His story starts to play out a bit like Joe Wright's Hanna or The Professional, and might have had greater impact if the story had more room to grow. Similarly, the broken (but mending) Daniel's plot presents a version of Abstergo that's one part corporation, shadow government in which the failed Assassin finally discovers his purpose and drive. But again, we get to spend so little time with him in his story (the volume can't be any more than 96 pages), that some of his actions and reactions near the end of the book are hard to read--is he satisfied with his discovery in the catacombs? Does he care about the dead character he stumbles across? His earlier desperation is easier to understand (if not empathize with), but the rapid jumps to Nikolai's time leaves gaps in Daniel's emotional development.

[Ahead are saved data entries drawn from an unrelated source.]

(* Let $k$ be an algebraically closed field of characteristic $0$, $R=k[x,y]$, and let $L=(x^d,x^{d-1}y^{a_1},\dots,xy^{a_{d-1}},y^{a_d})$ with $0=a_0<a_1<\dots<a_d$ be a lex-segment ideal, with $b_i=a_i-a_{i-1}$. If $b_2\ge b_3\ge\dots\ge b_d$, then $L^2=(x^d,x^{d-1}y^{a_1},y^{a_d})L$. In particular $\operatorname{depth}\operatorname{gr}_L(R)>0$.
   Context: $\operatorname{gr}_L(R)=\bigoplus_{n\ge0}L^n/L^{n+1}$. *)

From HB Require Import structures.
From mathcomp Require Import all_boot all_order all_algebra all_field.
From mathcomp Require Import mpoly.
Set Implicit Arguments. Unset Strict Implicit. Unset Printing Implicit Defensive.
Import GRing.Theory.
Local Open Scope ring_scope.

Section Ideals.
Variable R : comNzRingType.

Definition gen_ideal (n : nat) (g : 'I_n -> R) : R -> Prop :=
  fun p => exists c : 'I_n -> R, p = \sum_(i < n) c i * g i.

Definition ideal_mul (I J : R -> Prop) : R -> Prop :=
  fun p => exists s : seq (R * R),
    (forall q, q \in s -> I q.1 /\ J q.2) /\ p = \sum_(q <- s) q.1 * q.2.

Fixpoint ideal_pow (I : R -> Prop) (n : nat) : R -> Prop :=
  match n with
  | 0 => fun _ => True
  | n'.+1 => ideal_mul (ideal_pow I n') I
  end.

Definition ideal_eq (I J : R -> Prop) : Prop := forall p, I p <-> J p.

Kerschel's art--aided by Tyson Hesse's colors--is effective, rendering Nikolai as a craggy, sinewy old man while giving many of the other faces their own unique details. The action is clear, easy to read, and sometimes very graphic, but Kerschl's characters never look distractingly like action heroes.
How this book links itself to Assassin's Creed III, I don't know (the copy on the back of the book boasts a connection), but as a standalone story, it presents a pair of compelling characters who deserve more of a story in which to develop.
Assassin's Creed: The Chain is available now.